Work required: Write out the data exactly from its first line onward, ending with the line in which "Proof. by rewrite !cmodE Normc.normcV. Qed." appears.

Supplied records:
Lemma setting_m_linear : linear_form m.
Proof. by case: H => _ [_ [_ [_ [_ [_ [[_ /is_linear_form]]]]]]]. Qed.

Lemma setting_m_continuous : continuous m.
Proof. by case: H => _ [_ [_ [_ [_ [_ [[]]]]]]]. Qed.

Lemma setting_kappa : 0 < kappa /\ kappa < 1.
Proof. by case: H => _ [_ [_ [_ [_ [_ []]]]]]. Qed.

Lemma setting_e_cone : coneR S e.
Proof. by case: H => _ [_ [_ [_ [[_ [Ce _]] _]]]]. Qed.

Lemma m_gt0_cone x : coneR S x -> 0 < m x.
Proof.
case: H => _ [_ [_ [_ [_ [_ [[_ _ _ _ mge] [k0 _]]]]]]] Cx.
apply: lt_le_trans (mge _ Cx); rewrite mulr_gt0 // normr_gt0.
by case: Cx => /eqP.
Qed.

Lemma coneR_add x y : coneR S x -> coneR S y -> coneR S (x + y).
Proof.
move=> Cx Cy; have [mD _] := setting_m_linear; split.
  move=> xy0; have := addr_gt0 (m_gt0_cone Cx) (m_gt0_cone Cy).
  by rewrite -mD xy0 (linear_form0 setting_m_linear) ltxx.
move=> l Sl; rewrite (proj1 (setting_S_linear Sl)).
by apply: addr_ge0; [exact: (proj2 Cx) | exact: (proj2 Cy)].
Qed.

Lemma coneR_scale (r : R) x : 0 < r -> coneR S x -> coneR S (r *: x).
Proof.
move=> r0 [x0 Cx]; split.
  by move=> /eqP; rewrite scaler_eq0 gt_eqF //= => /eqP.
move=> l Sl; rewrite (proj2 (setting_S_linear Sl)).
by apply: mulr_ge0; [exact: ltW | exact: Cx].
Qed.

Lemma m_positive_form : positive_form S m.
Proof. by split=> [|x Cx]; [exact: setting_m_linear | exact/ltW/m_gt0_cone]. Qed.

Lemma cone_comparable_ge1 q s t : coneR S t -> cone_comparable S q s t -> 1 <= q.
Proof.
move=> Ct [a a0 /(_ m m_positive_form) [lo hi]].
have mt0 := m_gt0_cone Ct.
by rewrite -(ler_pM2r (mulr_gt0 a0 mt0)) mul1r mulrA (le_trans lo hi).
Qed.

End ConeSetting.

Section ComplexModulus.
Variable R : realType.
Local Open Scope complex_scope.

Lemma cmodE (z : R[i]) : cmod z = Normc.normc z.
Proof. by case: z. Qed.

Lemma cmodM (z w : R[i]) : cmod (z * w) = cmod z * cmod w.
Proof. by rewrite !cmodE Normc.normcM. Qed.

Lemma cmodV (z : R[i]) : cmod z^-1 = (cmod z)^-1.
Proof. by rewrite !cmodE Normc.normcV. Qed.

Lemma cmod_gt0 (z : R[i]) : z != 0 -> 0 < cmod z.
Proof.
move=> z0; rewrite lt_def sqrtr_ge0 andbT.
by apply: contraNneq z0 => cz0; apply/eqP/Normc.eq0_normc; rewrite -cmodE.
Qed.

End ComplexModulus.

Section ComplexDual.
Variables (R : realType) (B : normedModType R).
Local Open Scope complex_scope.

Lemma cscale1 (p : B * B) : Defs.cscale 1 p = p.
Proof. by case: p => x y; rewrite /Defs.cscale /= !scale1r !scale0r subr0 add0r. Qed.

Lemma sqrt_norms_le_cnorm (p : B * B) : Num.sqrt (`|p.1| ^+ 2 + `|p.2| ^+ 2) <= cnorm p.
Proof.
rewrite /cnorm; apply: ub_le_sup; last first.
  by exists 0 => //; rewrite cos0 sin0 !scale0r !scale1r subr0 add0r.
exists (2 * (`|p.1| + `|p.2|)) => _ [t _ <-].
have trig_le (u v : R) : `|u| <= 1 -> `|v| <= 1 ->
    `|u *: p.1 + v *: p.2| <= `|p.1| + `|p.2|.
  move=> u1 v1; apply: le_trans (ler_normD _ _) _; rewrite !normrZ.
  by apply: lerD; rewrite ler_piMl.
have Nsin_max : `|- sin t| <= 1 by rewrite normrN sin_max.
have h1 := trig_le _ _ (cos_max t) Nsin_max.
have h2 := trig_le _ _ (sin_max t) (cos_max t).
rewrite -scaleNr.
have [_ [_ N]] := sqrt_sum_sqr_le `|cos t *: p.1 + - sin t *: p.2|
  (normr_ge0 (sin t *: p.1 + cos t *: p.2)).
by rewrite normr_id in N; lra.
Qed.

Task result:
Lemma setting_m_linear : linear_form m.
Proof. by case: H => _ [_ [_ [_ [_ [_ [[_ /is_linear_form]]]]]]]. Qed.

Lemma setting_m_continuous : continuous m.
Proof. by case: H => _ [_ [_ [_ [_ [_ [[]]]]]]]. Qed.

Lemma setting_kappa : 0 < kappa /\ kappa < 1.
Proof. by case: H => _ [_ [_ [_ [_ [_ []]]]]]. Qed.

Lemma setting_e_cone : coneR S e.
Proof. by case: H => _ [_ [_ [_ [[_ [Ce _]] _]]]]. Qed.

Lemma m_gt0_cone x : coneR S x -> 0 < m x.
Proof.
case: H => _ [_ [_ [_ [_ [_ [[_ _ _ _ mge] [k0 _]]]]]]] Cx.
apply: lt_le_trans (mge _ Cx); rewrite mulr_gt0 // normr_gt0.
by case: Cx => /eqP.
Qed.

Lemma coneR_add x y : coneR S x -> coneR S y -> coneR S (x + y).
Proof.
move=> Cx Cy; have [mD _] := setting_m_linear; split.
  move=> xy0; have := addr_gt0 (m_gt0_cone Cx) (m_gt0_cone Cy).
  by rewrite -mD xy0 (linear_form0 setting_m_linear) ltxx.
move=> l Sl; rewrite (proj1 (setting_S_linear Sl)).
by apply: addr_ge0; [exact: (proj2 Cx) | exact: (proj2 Cy)].
Qed.

Lemma coneR_scale (r : R) x : 0 < r -> coneR S x -> coneR S (r *: x).
Proof.
move=> r0 [x0 Cx]; split.
  by move=> /eqP; rewrite scaler_eq0 gt_eqF //= => /eqP.
move=> l Sl; rewrite (proj2 (setting_S_linear Sl)).
by apply: mulr_ge0; [exact: ltW | exact: Cx].
Qed.

Lemma m_positive_form : positive_form S m.
Proof. by split=> [|x Cx]; [exact: setting_m_linear | exact/ltW/m_gt0_cone]. Qed.

Lemma cone_comparable_ge1 q s t : coneR S t -> cone_comparable S q s t -> 1 <= q.
Proof.
move=> Ct [a a0 /(_ m m_positive_form) [lo hi]].
have mt0 := m_gt0_cone Ct.
by rewrite -(ler_pM2r (mulr_gt0 a0 mt0)) mul1r mulrA (le_trans lo hi).
Qed.

End ConeSetting.

Section ComplexModulus.
Variable R : realType.
Local Open Scope complex_scope.

Lemma cmodE (z : R[i]) : cmod z = Normc.normc z.
Proof. by case: z. Qed.

Lemma cmodM (z w : R[i]) : cmod (z * w) = cmod z * cmod w.
Proof. by rewrite !cmodE Normc.normcM. Qed.

Lemma cmodV (z : R[i]) : cmod z^-1 = (cmod z)^-1.
Proof. by rewrite !cmodE Normc.normcV. Qed.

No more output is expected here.